4.3 Fraction of Strongly Influential (FSI)

The Fraction of Strongly Influential is the value of the number of users interacted among other users over a period. A user is strongly influenced by an active user who frequently shares the common interest during the long time interval. A user is weakly influenced with inactive user among which they have less interaction based on the dissimilar interest with long duration. The fraction of Strongly Influential (FSI) users score will lie between 0 and 1, with 1 being the frequently strongly influenced whereas 0 leads to weakly influenced users. The precision, recall, accuracy, and F-measures evaluated based on the Fraction of Strongly influential (FSI) users score as shown in Table 4.

Table 4. User Interaction based on FSI

Precision

Precision is calculated as the number of Influential similar user predicated divided by the total number of similar user predictions. Thus it is also called a positive predictive value. Precision is calculated from Eq. 6.

$$ {\text{Precision }} = \frac{{\sum {\text{MIUSI}}}}{{( \sum {\text{MIUSI }} + \sum {\text{IUDSI }})}} $$
(6)

Recall

The recall is known as true positive value or sensitivity. It is defined as the number of correct results divided by the number of relevant results. It is also called a true positive rate. The Recall is calculated from Eq. 7.

$$ {\text{Recall }} = \frac{{\sum {\text{MIUSI}}}}{{( \sum {\text{MIUSI }} + \sum {\text{NIUSI }})}} $$
(7)

Accuracy

Accuracy measures a ratio of correctly predicted observation referred to as influential users to the total observations referred to as the total number of users. Accuracy is calculated from Eq. 8.

$$ {\text{Accuary}} = \frac{{\left( {\varvec{ }\sum {\text{MIUSI}} + \varvec{ }\sum {\text{NIUDSI}}\varvec{ }} \right)}}{{( \sum {\text{MIUSI }} + \sum {\text{IUDSI}} + \sum {\text{NIUSI}} + \sum {\text{NIUDSI}})}} $$
(8)

F measure

F1 score is used to consolidate precision and recall into one measure, the F1 measure is calculated from Eq. 9.

$$ {\text{F }} = 2 {\text{X }}\frac{\text{Precision * Recall}}{{{\text{Precision}} + {\text{Recall}}}} $$
(9)

The fraction of strongly influential users score is evaluated from the given Eq. (6), Eq. (7), Eq. (8) & Eq. (9) and shown in Fig. 6.

Fig. 6.
figure 6

User Interaction based on FSI Score

5 Conclusion

In many Social network sites such as Facebook, Twitter or LinkedIn the users find new friends or imitate a real-life relationship with friends and establish new friendship relations that cannot exist in real life due to distance or other factors. This study represents the social phenomenon of how users influence the establishment of a new friend’s relationship in social network sites. In this proposed work, the user interaction model is used to identify an active user or inactive user interaction in a social group.
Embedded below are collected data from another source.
(* Let $F$ be a $3$-graph such that for every vertex $v\in V(F)$ there exists a vertex $u\in V(F)\setminus\{v\}$ with $N_F(v)\cap N_F(u)\neq\emptyset$. Then for every $p\in(0,1)$ and every $\mu>0$ there exist $n_0\in\mathbb{N}$ and $\alpha>0$ such that for every $n\ge n_0$ there exists an $(n,p,\mu,\cdot)$ $3$-graph $H$ with $\delta_1(H)\ge \alpha n^2$ that has no $F$-factor.
   Context: A $k$-graph $H=(V(H),E(H))$ has edge set $E(H)\subseteq\binom{V(H)}{k}$. For $S\subseteq V(H)$ with $1\le |S|\le k-1$, $N_H(S)=\{S'\in\binom{V(H)}{k-|S|}: S\cup S'\in E(H)\}$ and $\deg_H(S)=|N_H(S)|$; for a vertex $v$, $N_H(v)=N_H(\{v\})$ (so in a $3$-graph $N_H(v)$ is a set of pairs). $\delta_s(H)$ is the minimum of $\deg_H(S)$ over all $s$-subsets $S$ of $V(H)$. An $F$-factor in $H$ is a set of vertex-disjoint copies of $F$ in $H$ covering $V(H)$. An $(n,p,\mu,\cdot)$ $k$-graph is a $k$-graph $H$ on a vertex set $V$ with $|V|=n$ such that for all $X_1,\dots,X_k\subseteq V$, the number of $k$-tuples $(x_1,\dots,x_k)\in X_1\times\cdots\times X_k$ with $\{x_1,\dots,x_k\}\in E(H)$ is at least $p|X_1|\cdots|X_k|-\mu n^k$. *)

From HB Require Import structures.
From mathcomp Require Import all_boot all_order all_algebra.
From mathcomp Require Import reals.
Set Implicit Arguments. Unset Strict Implicit. Unset Printing Implicit Defensive.
Import Order.TTheory GRing.Theory Num.Theory.
Local Open Scope ring_scope.

Definition uniform (V : finType) (k : nat) (E : {set {set V}}) : Prop :=
  forall e, e \in E -> #|e| = k :> nat.

Definition nbhd (V : finType) (k : nat) (E : {set {set V}}) (S : {set V})
  : {set {set V}} :=
  [set S' : {set V} | (#|S'| == k - #|S|)%N && ((S :|: S') \in E)].

Definition deg (V : finType) (k : nat) (E : {set {set V}}) (S : {set V}) : nat :=
  #|nbhd k E S|.

Definition min_deg_ge (R : realType) (V : finType) (k s : nat)
  (E : {set {set V}}) (x : R) : Prop :=
  forall S : {set V}, #|S| = s :> nat -> x <= (deg k E S)%:R.

Definition edge_triples (V : finType) (E : {set {set V}}) (X1 X2 X3 : {set V})
  : nat :=
  #|[set t : V * V * V | [&& t.1.1 \in X1, t.1.2 \in X2, t.2 \in X3 &
                             [set t.1.1; t.1.2; t.2] \in E]]|.

Definition npmu3 (R : realType) (V : finType) (n : nat) (p mu : R)
  (E : {set {set V}}) : Prop :=
  #|V| = n :> nat /\
  forall X1 X2 X3 : {set V},
    p * (#|X1|%:R * #|X2|%:R * #|X3|%:R) - mu * (n%:R ^+ 3)
      <= (edge_triples E X1 X2 X3)%:R.

Definition is_copy (VF V : finType) (EF : {set {set VF}}) (E : {set {set V}})
  (f : {ffun VF -> V}) : Prop :=
  injective f /\ forall e, e \in EF -> f @: e \in E.

Definition has_factor (VF V : finType) (EF : {set {set VF}}) (E : {set {set V}})
  : Prop :=
  exists C : {set {ffun VF -> V}},
    (forall f, f \in C -> is_copy EF E f) /\
    (forall f g, f \in C -> g \in C -> f != g ->
       [disjoint codom f & codom g]) /\
    (forall v : V, exists2 f, f \in C & v \in codom f).

From HB Require Import structures.
From mathcomp Require Import all_boot all_order all_algebra.
From mathcomp Require Import reals zify lra.
Import Order.TTheory GRing.Theory Num.Theory.
Set Implicit Arguments. Unset Strict Implicit. Unset Printing Implicit Defensive.

(* Take a set S of about n/K vertices and a hub x in S, and let H consist of the
   triples through x lying inside S together with the triples avoiding x that
   meet S in at most one vertex.  If a copy f of F covered x = f w, pick u and a
   pair T in the links of both w and u: the edge w T contains x, so f(T) lies in
   S, while the edge u T avoids x and yet meets S in the two vertices of f(T).  Every vertex still has about (n/K)^2 / 2 link pairs,
   and a triple can only be a non-edge if it meets S or repeats a vertex, which
   happens for at most (3|S| + 3) n^2 <= (6/K) n^3 triples; so H is
   (n, p, mu, .) as soon as K >= 6 / mu. *)

Lemma card_setU3_le (T : finType) (A B C : {set T}) :
  #|A :|: B :|: C| <= #|A| + #|B| + #|C|.
Proof.
apply: leq_trans (leq_card_setU _ _).1 _.
by rewrite leq_add2r (leq_card_setU _ _).1.
Qed.

Lemma exists_set_card (T : finType) k : k <= #|T| -> exists A : {set T}, #|A| = k.
Proof.
move=> kT; exists [set y in take k (enum T)].
rewrite cardsE (card_uniqP _) ?take_uniq ?enum_uniq // size_take -cardE.
by rewrite ltn_neqAle kT andbT; case: eqP.
Qed.

Lemma bin2_double c : 2 * 'C(c, 2) = c * c.-1.
Proof. by rewrite -mul_bin_diag bin1. Qed.

Lemma deg1_ge_bin2 (V : finType) (E : {set {set V}}) (v : V) (D : {set V}) :
  (forall T : {set V}, T \subset D -> #|T| = 2 -> v |: T \in E) ->
  'C(#|D|, 2) <= deg 3 E [set v].
Proof.
move=> DE; rewrite -cards_draws; apply/subset_leq_card/subsetP => T.
rewrite !inE cards1 subn1 => /andP[TD /eqP T2].
by rewrite T2 DE.
Qed.

Section Triples.

Variable V : finType.

Definition triple_edge (E : {set {set V}}) (t : V * V * V) : bool :=
  [set t.1.1; t.1.2; t.2] \in E.

Definition touching_triples (S : {set V}) : {set V * V * V} :=
  setX (setX S setT) setT :|: setX (setX setT S) setT :|: setX (setX setT setT) S.

Definition degenerate_triples : {set V * V * V} :=
  [set (p.1, p.1, p.2) | p : V * V] :|: [set (p.1, p.2, p.1) | p : V * V]
  :|: [set (p.1, p.2, p.2) | p : V * V].

Lemma card_touching_triples (S : {set V}) :
  #|touching_triples S| <= 3 * #|S| * (#|V| * #|V|).
Proof.
apply: leq_trans (card_setU3_le _ _ _) _.
by rewrite !cardsX !cardsT; nia.
Qed.

Lemma card_degenerate_triples : #|degenerate_triples| <= 3 * (#|V| * #|V|).
Proof.
apply: leq_trans (card_setU3_le _ _ _) _.
have diag f : #|[set f p | p : V * V]| <= #|V| * #|V|.
  by rewrite -card_prod; apply: leq_trans (leq_imset_card _ _) (max_card _).
by rewrite !mulSn mul0n addn0 addnA !leq_add ?diag.
Qed.

Lemma card_prod_le_edge_triples (E : {set {set V}}) (X1 X2 X3 : {set V}) :
  #|X1| * #|X2| * #|X3| <=
  edge_triples E X1 X2 X3 + #|[set t | ~~ triple_edge E t]|.
Proof.
rewrite -!cardsX /edge_triples.
apply: leq_trans (leq_card_setU _ _).1; apply/subset_leq_card/subsetP.
move=> [[a b] c]; rewrite !inE /triple_edge /= => /andP[/andP[-> ->] ->] /=.
exact: orbN.
Qed.

End Triples.

Definition links_overlap (VF : finType) (EF : {set {set VF}}) : Prop :=
  forall v : VF, exists u : VF, u != v /\
    (nbhd 3 EF [set v] :&: nbhd 3 EF [set u] != set0).

Section HubGraph.

Variables (V : finType) (S : {set V}) (x : V).

Definition hub_edges : {set {set V}} :=
  [set e : {set V} | (#|e| == 3) &&
     (if x \in e then e \subset S else #|e :&: S| <= 1)].

Lemma hub_edges_uniform : uniform 3 hub_edges.
Proof. by move=> e; rewrite inE => /andP[/eqP]. Qed.

Lemma hub_notin_copy (VF : finType) (EF : {set {set VF}}) (f : {ffun VF -> V}) :
  uniform 3 EF -> links_overlap EF -> is_copy EF hub_edges f -> x \notin codom f.
Proof.
move=> unF hF [finj fE]; apply/negP => /codomP[w xw].
have [u [uw /set0Pn[T]]] := hF w.
rewrite !inE cards1 subn1 => /andP[/andP[/eqP /= T2 wTF] /andP[_ uTF]].
have wT : w \notin T.
  apply/negP => wT; have := unF _ wTF.
  by rewrite (setUidPr _) ?sub1set // T2.
have fTS : f @: T \subset S.
  have := fE _ wTF; rewrite inE xw imsetU1 in_setU1 eqxx /= => /andP[_].
  exact/subset_trans/subsetU1.
have xuT : x \notin f @: ([set u] :|: T).
  rewrite xw; apply/imsetP => -[y]; rewrite in_setU1 => /orP[/eqP-> | yT] /finj wy.
    by rewrite wy eqxx in uw.
  by rewrite wy yT in wT.
have := fE _ uTF; rewrite inE (negbTE xuT) => /andP[_].
apply/negP; rewrite -ltnNge -{1}T2 -(card_imset _ finj).
by apply/subset_leq_card; rewrite subsetI fTS imsetS ?subsetUr.
Qed.

Lemma hub_edges_no_factor (VF : finType) (EF : {set {set VF}}) :
  uniform 3 EF -> links_overlap EF -> ~ has_factor EF hub_edges.
Proof.
move=> unF hF [C [Ccopy [_ Ccov]]]; have [f fC xf] := Ccov x.
by move: xf; apply/negP/hub_notin_copy/Ccopy.
Qed.

Lemma hub_edges_U1 (v : V) (T : {set V}) : v \notin T -> #|T| = 2 ->
  (v |: T \in hub_edges) =
  if x \in v |: T then v |: T \subset S else #|(v |: T) :&: S| <= 1.
Proof. by move=> vT T2; rewrite inE cardsU1 vT T2. Qed.

Hypothesis xS : x \in S.

Lemma hub_edges_U1_outside (v : V) (T : {set V}) :
  x != v -> v \notin T -> T \subset ~: S -> #|T| = 2 -> v |: T \in hub_edges.
Proof.
move=> xv vT TS T2; rewrite hub_edges_U1 //.
have xT : x \notin T by apply: contraL xS => /(subsetP TS); rewrite inE.
rewrite in_setU1 (negbTE xv) (negbTE xT) -(cards1 v).
apply/subset_leq_card/subsetP => y; rewrite !inE => /andP[/orP[//|yT] yS].
by have := subsetP TS y yT; rewrite inE yS.
Qed.

Lemma hub_edges_deg1_ge (v : V) :
  'C(minn #|S|.-1 #|~: S|.-1, 2) <= deg 3 hub_edges [set v].
Proof.
have [<-|xv] := eqVneq x v.
  apply: leq_trans (deg1_ge_bin2 (D := S :\ x) _).
    by apply: leq_bin2l; rewrite (cardsD1 x S) xS geq_minl.
  move=> T TD T2; have xT : x \notin T by apply/negP => /(subsetP TD); rewrite !inE eqxx.
  rewrite hub_edges_U1 // setU11 subUset sub1set xS.
  exact: subset_trans TD (subsetDl _ _).
have [vS|vS] := boolP (v \in S).
  apply: leq_trans (deg1_ge_bin2 (D := ~: S) _).
    exact/leq_bin2l/(leq_trans (geq_minr _ _) (leq_pred _)).
  move=> T TS T2; apply: hub_edges_U1_outside => //.
  by apply/negP => /(subsetP TS); rewrite inE vS.
apply: leq_trans (deg1_ge_bin2 (D := ~: S :\ v) _).
  by apply: leq_bin2l; rewrite (cardsD1 v (~: S)) inE vS geq_minr.
move=> T TD T2; apply: hub_edges_U1_outside => //.
- by apply/negP => /(subsetP TD); rewrite !inE eqxx.
- exact: subset_trans TD (subsetDl _ _).
Qed.

Lemma hub_nonedge_triples :
  [set t | ~~ triple_edge hub_edges t] \subset
  touching_triples S :|: degenerate_triples V.
Proof.
apply/subsetP => -[[a b] c]; rewrite inE; apply: contraR.
rewrite !inE /= !andbT !negb_or => /and3P[/andP[/andP[aS bS] cS] /andP[d1 d2] d3].
have ab : a != b by apply: contraNneq d1 => ->; apply/imsetP; exists (b, c).
have ac : a != c by apply: contraNneq d2 => ->; apply/imsetP; exists (c, b).
have bc : b != c by apply: contraNneq d3 => ->; apply/imsetP; exists (a, c).
rewrite /triple_edge /= -setUA; apply: hub_edges_U1_outside => //.
- by apply: contraNneq aS => <-.
- by rewrite !inE negb_or ab ac.
- by apply/subsetP => y; rewrite !inE => /orP[] /eqP->.
- by rewrite cards2 bc.
Qed.

Lemma hub_edge_triples_ge (X1 X2 X3 : {set V}) :
  #|X1| * #|X2| * #|X3| <=
  edge_triples hub_edges X1 X2 X3 + (3 * #|S| + 3) * (#|V| * #|V|).
Proof.
apply: leq_trans (card_prod_le_edge_triples hub_edges X1 X2 X3) _.
rewrite leq_add2l.
apply: leq_trans (subset_leq_card hub_nonedge_triples) _.
apply: leq_trans (leq_card_setU _ _).1 _.
by rewrite mulnDl leq_add ?card_touching_triples ?card_degenerate_triples.
Qed.

Lemma hub_edges_min_deg (R : realType) (a : R) :
  (a <= 'C(minn #|S|.-1 #|~: S|.-1, 2)%:R)%R -> min_deg_ge 3 1 hub_edges a.
Proof.
move=> aC S1 /eqP/cards1P[v ->].
by apply: le_trans aC _; rewrite ler_nat hub_edges_deg1_ge.
Qed.
End HubGraph.

Lemma hub_size_bounds K n m : 4 <= K -> 4 * K <= n -> m * K <= n -> n < m.+1 * K ->
  [/\ m.+1 <= n, (3 * m.+1 + 3) * (n * n) * K <= 6 * n ^ 3
    & n ^ 2 <= 8 * K * K * 'C(minn m (n - m.+1).-1, 2)].
Proof.
move=> K4 nK mK nm; have m4 : 4 <= m by nia.
split; [nia | nia |].
have mn : 4 * m <= n by nia.
have mc : m <= minn m (n - m.+1).-1 by rewrite leq_min leqnn /=; lia.
have n2 : n ^ 2 <= (m.+1 * K) ^ 2 by rewrite leq_exp2r // ltnW.
have m2 : m.+1 ^ 2 <= 4 * (2 * 'C(m, 2)).
  by rewrite bin2_double; case: (m) m4 => // k k4 /=; nia.
apply: (leq_trans n2); rewrite expnMn.
apply: leq_trans (leq_mul m2 (leqnn (K ^ 2))) _.
have := leq_bin2l 2 mc; nia.
Qed.

Local Open Scope ring_scope.

Lemma exists_nat_ge_scaled (R : archiFieldType) (c mu : R) (k : nat) :
  0 <= c -> 0 < mu -> exists2 K : nat, (k <= K)%N & c <= mu * K%:R.
Proof.
move=> c0 mu0; exists (Num.bound (c / mu) + k)%N; first exact: leq_addl.
rewrite -ler_pdivrMl // mulrC; apply: le_trans (ltW (archi_boundP _)) _.
  by rewrite divr_ge0 // ltW.
by rewrite ler_nat leq_addr.
Qed.

Lemma ler_nat_mul_of_scaled (R : numFieldType) (mu : R) (a b c K : nat) :
  (0 < K)%N -> c%:R <= mu * K%:R -> (a * K <= c * b)%N -> a%:R <= mu * b%:R.
Proof.
move=> K0 cK; rewrite -(ler_nat R) !natrM => abc.
have K0R : 0 < K%:R :> R by rewrite ltr0n.
rewrite -(ler_pM2r K0R) (le_trans abc) //.
by rewrite mulrAC ler_wpM2r.
Qed.

Lemma hub_edges_npmu3 (R : realType) (n : nat) (S : {set 'I_n}) (x : 'I_n) (p mu : R) :
  x \in S -> 0 <= p <= 1 ->
  ((3 * #|S| + 3) * (n * n))%:R <= mu * n%:R ^+ 3 -> npmu3 n p mu (hub_edges S x).
Proof.
move=> xS /andP[p0 p1] bad_small; split=> [|X1 X2 X3]; first by rewrite card_ord.
have := hub_edge_triples_ge xS X1 X2 X3; rewrite card_ord -(ler_nat R) natrD !natrM.
set P := _ * _ * _; have pP : p * P <= P by rewrite ler_piMl // !mulr_ge0.
lra.
Qed.

Theorem mainTheorem1 (R : realType) (VF : finType) (EF : {set {set VF}}) :
  uniform 3 EF ->
  (forall v : VF, exists u : VF, u != v /\
     (nbhd 3 EF [set v] :&: nbhd 3 EF [set u] != set0)) ->
  forall p mu : R, 0 < p -> p < 1 -> 0 < mu ->
  exists (n0 : nat) (alpha : R), 0 < alpha /\
    forall n : nat, (n0 <= n)%N ->
      exists E : {set {set 'I_n}},
        [/\ uniform 3 E, npmu3 n p mu E,
            min_deg_ge 3 1 E (alpha * n%:R ^+ 2) & ~ has_factor EF E].
Proof.
move=> unF hF p mu p0 p1 mu0.
have [K K4 muK] := @exists_nat_ge_scaled R 6 mu 4 (ler0n _ 6) mu0.
have K0 : (0 < K)%N by apply: leq_trans K4.
exists (4 * K)%N, (8 * K * K)%:R^-1; split; first by rewrite invr_gt0 ltr0n !muln_gt0 K0.
move=> n nK; set m := (n %/ K)%N.
have [mn dens degr] := hub_size_bounds K4 nK (leq_divM n K) (ltn_ceil n K0).
have [S cardS] : exists S : {set 'I_n}, #|S| = m.+1.
  by apply: exists_set_card; rewrite card_ord.
have [x xS] : exists x, x \in S by apply/card_gt0P; rewrite cardS.
have cardSC : #|~: S| = (n - m.+1)%N by rewrite cardsCs setCK card_ord cardS.
exists (hub_edges S x); split.
- exact: hub_edges_uniform.
- apply: hub_edges_npmu3 => //; first by rewrite !ltW.
  by rewrite cardS -natrX; apply: ler_nat_mul_of_scaled K0 muK _.
- apply: hub_edges_min_deg => //; rewrite cardS cardSC /=.
  by rewrite ler_pdivrMl ?ltr0n ?muln_gt0 ?K0 // -natrX -natrM ler_nat.
- exact: hub_edges_no_factor.
Qed.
To characterize a particular relationship between the users by using incidence matrix interaction i.e. an edge plays the important role in identifying the interaction, by the strength of relationship based on common interest among the users in a social group. Thus it is used to identify the influential user based on the vertex–edge incidence matrix interaction. Thus the Fraction of strongly influential Users measure is an efficient way to evaluate the Influential user interaction. As a part of future work, it would be interesting to see whether these model helps to detect the communities in the social network.